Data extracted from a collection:
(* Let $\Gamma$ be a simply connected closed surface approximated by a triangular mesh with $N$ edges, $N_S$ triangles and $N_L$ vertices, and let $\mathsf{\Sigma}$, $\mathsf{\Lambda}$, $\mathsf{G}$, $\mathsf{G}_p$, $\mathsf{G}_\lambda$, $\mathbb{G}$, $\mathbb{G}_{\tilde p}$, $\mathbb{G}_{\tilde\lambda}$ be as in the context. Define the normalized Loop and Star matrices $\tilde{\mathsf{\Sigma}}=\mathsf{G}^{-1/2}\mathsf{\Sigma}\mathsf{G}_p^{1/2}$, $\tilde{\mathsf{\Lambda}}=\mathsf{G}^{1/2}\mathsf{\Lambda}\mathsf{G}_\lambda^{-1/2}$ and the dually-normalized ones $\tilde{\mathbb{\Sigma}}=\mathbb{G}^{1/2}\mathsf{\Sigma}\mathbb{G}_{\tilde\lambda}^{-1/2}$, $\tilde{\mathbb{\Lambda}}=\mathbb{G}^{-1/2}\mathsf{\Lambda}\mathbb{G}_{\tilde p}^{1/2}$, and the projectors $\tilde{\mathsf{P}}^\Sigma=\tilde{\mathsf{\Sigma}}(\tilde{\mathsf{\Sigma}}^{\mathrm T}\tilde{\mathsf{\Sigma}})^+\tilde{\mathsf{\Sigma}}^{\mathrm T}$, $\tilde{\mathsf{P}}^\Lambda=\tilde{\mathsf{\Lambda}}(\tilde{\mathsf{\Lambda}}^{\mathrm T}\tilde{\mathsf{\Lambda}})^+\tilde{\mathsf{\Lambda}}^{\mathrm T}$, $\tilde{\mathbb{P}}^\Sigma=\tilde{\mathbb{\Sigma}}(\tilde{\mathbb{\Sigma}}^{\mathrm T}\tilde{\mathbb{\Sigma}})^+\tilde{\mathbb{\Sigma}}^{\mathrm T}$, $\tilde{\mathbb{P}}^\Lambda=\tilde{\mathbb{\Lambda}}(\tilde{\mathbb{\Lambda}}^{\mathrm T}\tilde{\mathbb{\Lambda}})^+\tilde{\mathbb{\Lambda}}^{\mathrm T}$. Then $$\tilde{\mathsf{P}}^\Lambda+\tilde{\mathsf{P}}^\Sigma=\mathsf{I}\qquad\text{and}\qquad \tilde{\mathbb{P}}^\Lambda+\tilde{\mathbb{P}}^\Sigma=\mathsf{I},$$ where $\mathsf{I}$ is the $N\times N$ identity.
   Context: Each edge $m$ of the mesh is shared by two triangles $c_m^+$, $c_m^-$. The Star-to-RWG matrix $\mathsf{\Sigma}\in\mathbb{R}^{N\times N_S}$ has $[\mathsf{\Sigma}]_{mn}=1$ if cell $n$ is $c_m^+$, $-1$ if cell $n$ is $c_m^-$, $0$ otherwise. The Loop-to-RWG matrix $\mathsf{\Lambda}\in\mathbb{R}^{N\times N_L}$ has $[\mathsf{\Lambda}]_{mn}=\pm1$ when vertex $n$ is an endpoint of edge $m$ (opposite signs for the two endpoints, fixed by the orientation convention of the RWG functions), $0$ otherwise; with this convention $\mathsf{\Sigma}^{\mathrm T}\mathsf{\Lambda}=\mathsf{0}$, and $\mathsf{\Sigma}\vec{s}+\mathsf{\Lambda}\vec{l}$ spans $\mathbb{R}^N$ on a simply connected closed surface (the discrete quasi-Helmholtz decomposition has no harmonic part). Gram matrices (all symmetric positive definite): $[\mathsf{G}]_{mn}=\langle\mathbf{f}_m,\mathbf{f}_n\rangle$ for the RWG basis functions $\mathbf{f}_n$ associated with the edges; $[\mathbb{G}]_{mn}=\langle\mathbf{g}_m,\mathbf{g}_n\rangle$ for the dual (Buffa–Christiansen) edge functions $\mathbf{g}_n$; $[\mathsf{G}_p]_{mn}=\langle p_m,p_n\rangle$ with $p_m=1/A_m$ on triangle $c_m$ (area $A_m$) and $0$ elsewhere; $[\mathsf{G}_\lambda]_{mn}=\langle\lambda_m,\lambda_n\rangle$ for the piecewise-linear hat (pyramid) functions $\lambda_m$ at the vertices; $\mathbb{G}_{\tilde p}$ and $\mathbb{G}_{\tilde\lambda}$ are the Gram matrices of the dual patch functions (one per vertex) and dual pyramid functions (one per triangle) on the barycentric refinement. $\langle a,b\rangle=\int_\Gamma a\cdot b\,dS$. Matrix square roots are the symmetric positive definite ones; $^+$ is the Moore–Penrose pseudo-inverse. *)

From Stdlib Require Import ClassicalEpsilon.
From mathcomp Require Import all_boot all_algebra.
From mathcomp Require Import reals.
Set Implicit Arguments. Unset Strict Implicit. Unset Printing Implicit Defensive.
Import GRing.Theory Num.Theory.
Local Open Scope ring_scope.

---

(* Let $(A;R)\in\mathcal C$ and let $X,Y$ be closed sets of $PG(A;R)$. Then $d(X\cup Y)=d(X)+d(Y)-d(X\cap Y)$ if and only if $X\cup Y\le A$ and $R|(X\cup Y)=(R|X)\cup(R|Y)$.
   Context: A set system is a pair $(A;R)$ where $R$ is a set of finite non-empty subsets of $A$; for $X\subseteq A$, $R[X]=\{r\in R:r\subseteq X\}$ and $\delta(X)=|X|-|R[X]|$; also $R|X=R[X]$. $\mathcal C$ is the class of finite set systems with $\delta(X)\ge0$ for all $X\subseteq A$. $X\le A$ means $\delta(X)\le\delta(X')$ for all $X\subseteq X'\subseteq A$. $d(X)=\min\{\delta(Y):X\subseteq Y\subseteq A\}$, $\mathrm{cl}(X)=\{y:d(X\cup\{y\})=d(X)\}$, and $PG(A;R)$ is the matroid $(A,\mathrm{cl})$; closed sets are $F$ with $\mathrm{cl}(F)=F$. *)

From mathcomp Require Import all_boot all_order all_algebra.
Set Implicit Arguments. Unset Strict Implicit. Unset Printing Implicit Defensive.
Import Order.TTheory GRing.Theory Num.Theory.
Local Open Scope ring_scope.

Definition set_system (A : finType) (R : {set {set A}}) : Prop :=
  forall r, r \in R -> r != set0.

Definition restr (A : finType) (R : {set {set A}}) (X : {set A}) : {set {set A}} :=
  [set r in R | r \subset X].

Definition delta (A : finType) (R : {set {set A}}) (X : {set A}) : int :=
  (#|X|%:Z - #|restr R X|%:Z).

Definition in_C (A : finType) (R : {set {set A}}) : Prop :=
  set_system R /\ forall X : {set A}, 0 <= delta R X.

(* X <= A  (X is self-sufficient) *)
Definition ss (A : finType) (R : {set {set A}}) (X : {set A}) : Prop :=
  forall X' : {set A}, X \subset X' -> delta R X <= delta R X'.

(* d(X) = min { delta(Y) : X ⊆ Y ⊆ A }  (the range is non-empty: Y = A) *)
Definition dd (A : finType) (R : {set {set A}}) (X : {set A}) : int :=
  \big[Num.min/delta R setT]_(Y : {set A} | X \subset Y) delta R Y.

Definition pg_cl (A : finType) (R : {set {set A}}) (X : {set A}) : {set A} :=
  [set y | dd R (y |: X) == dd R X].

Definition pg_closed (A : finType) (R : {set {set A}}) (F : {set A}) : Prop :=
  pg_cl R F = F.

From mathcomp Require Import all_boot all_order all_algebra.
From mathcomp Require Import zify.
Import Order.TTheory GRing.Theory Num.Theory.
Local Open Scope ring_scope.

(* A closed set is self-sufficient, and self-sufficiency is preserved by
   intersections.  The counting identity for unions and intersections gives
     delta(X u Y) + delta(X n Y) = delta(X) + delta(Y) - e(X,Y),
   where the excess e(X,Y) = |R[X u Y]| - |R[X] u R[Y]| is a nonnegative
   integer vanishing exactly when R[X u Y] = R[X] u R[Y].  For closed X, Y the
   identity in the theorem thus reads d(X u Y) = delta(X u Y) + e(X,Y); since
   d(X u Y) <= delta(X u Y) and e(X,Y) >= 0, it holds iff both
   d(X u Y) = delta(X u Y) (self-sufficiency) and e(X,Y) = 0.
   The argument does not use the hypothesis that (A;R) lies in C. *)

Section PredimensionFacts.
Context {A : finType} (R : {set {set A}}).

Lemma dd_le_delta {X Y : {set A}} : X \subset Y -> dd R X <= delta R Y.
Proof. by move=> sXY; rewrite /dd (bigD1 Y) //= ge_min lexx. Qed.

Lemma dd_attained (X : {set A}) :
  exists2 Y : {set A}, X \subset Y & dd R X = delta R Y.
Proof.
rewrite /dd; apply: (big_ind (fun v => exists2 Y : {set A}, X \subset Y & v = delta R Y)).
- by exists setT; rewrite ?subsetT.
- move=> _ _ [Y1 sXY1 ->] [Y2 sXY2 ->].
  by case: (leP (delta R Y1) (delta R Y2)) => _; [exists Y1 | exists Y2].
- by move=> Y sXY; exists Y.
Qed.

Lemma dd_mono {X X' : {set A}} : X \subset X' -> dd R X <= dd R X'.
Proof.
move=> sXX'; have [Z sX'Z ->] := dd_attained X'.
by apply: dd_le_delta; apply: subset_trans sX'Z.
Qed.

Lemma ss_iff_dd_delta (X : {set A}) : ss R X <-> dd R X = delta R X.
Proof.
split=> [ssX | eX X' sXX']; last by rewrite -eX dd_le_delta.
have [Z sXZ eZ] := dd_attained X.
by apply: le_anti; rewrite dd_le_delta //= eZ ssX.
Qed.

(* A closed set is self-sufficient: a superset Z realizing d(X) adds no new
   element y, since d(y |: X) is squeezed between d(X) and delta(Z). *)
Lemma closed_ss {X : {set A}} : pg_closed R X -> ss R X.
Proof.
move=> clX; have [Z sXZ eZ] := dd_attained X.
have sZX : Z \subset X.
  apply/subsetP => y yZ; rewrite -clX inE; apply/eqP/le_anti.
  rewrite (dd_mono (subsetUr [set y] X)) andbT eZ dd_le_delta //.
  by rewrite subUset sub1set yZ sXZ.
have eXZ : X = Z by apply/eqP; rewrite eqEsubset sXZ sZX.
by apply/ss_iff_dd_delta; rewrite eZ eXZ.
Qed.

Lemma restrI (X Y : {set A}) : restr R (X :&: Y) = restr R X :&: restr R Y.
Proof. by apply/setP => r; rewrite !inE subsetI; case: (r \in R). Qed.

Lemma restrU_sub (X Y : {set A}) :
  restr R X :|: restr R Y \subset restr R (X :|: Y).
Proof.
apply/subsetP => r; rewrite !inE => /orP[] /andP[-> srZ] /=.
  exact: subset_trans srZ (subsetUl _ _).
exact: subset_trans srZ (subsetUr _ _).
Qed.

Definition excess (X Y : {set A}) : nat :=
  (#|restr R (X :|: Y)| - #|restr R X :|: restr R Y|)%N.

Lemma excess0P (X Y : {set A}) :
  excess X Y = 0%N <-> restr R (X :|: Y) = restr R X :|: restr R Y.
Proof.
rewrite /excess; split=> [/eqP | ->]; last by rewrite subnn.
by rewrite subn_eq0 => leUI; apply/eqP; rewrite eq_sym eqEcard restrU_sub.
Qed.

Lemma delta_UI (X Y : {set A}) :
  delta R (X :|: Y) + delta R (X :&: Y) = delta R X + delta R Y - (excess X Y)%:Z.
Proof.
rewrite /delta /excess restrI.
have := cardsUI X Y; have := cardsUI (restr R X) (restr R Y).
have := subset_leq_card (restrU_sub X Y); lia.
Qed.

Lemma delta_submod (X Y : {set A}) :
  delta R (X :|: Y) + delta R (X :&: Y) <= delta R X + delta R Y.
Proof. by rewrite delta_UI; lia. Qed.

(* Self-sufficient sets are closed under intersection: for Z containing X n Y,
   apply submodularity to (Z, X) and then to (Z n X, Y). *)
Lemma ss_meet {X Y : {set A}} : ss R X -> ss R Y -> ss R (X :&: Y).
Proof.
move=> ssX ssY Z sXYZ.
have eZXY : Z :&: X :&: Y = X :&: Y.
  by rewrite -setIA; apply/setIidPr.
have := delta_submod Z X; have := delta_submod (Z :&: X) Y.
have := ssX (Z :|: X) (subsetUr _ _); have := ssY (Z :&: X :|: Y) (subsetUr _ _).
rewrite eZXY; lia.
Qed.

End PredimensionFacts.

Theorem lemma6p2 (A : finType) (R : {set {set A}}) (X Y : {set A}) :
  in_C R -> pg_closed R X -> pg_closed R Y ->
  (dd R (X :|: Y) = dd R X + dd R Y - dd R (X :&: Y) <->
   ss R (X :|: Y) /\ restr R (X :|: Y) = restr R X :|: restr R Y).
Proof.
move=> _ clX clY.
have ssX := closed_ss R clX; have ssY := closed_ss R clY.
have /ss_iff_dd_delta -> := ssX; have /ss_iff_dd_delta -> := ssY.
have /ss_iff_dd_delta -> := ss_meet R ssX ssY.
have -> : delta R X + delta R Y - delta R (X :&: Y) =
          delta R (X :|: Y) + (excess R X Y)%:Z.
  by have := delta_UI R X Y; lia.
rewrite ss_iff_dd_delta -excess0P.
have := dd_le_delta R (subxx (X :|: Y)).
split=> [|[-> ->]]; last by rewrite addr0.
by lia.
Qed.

Try it: Print, without alteration, only the lines above between the one holding "Lemma ss_iff_dd_delta (X" and the one holding "apply/subsetP => y", inclusive.

Written solution:
Lemma ss_iff_dd_delta (X : {set A}) : ss R X <-> dd R X = delta R X.
Proof.
split=> [ssX | eX X' sXX']; last by rewrite -eX dd_le_delta.
have [Z sXZ eZ] := dd_attained X.
by apply: le_anti; rewrite dd_le_delta //= eZ ssX.
Qed.

(* A closed set is self-sufficient: a superset Z realizing d(X) adds no new
   element y, since d(y |: X) is squeezed between d(X) and delta(Z). *)
Lemma closed_ss {X : {set A}} : pg_closed R X -> ss R X.
Proof.
move=> clX; have [Z sXZ eZ] := dd_attained X.
have sZX : Z \subset X.
  apply/subsetP => y yZ; rewrite -clX inE; apply/eqP/le_anti.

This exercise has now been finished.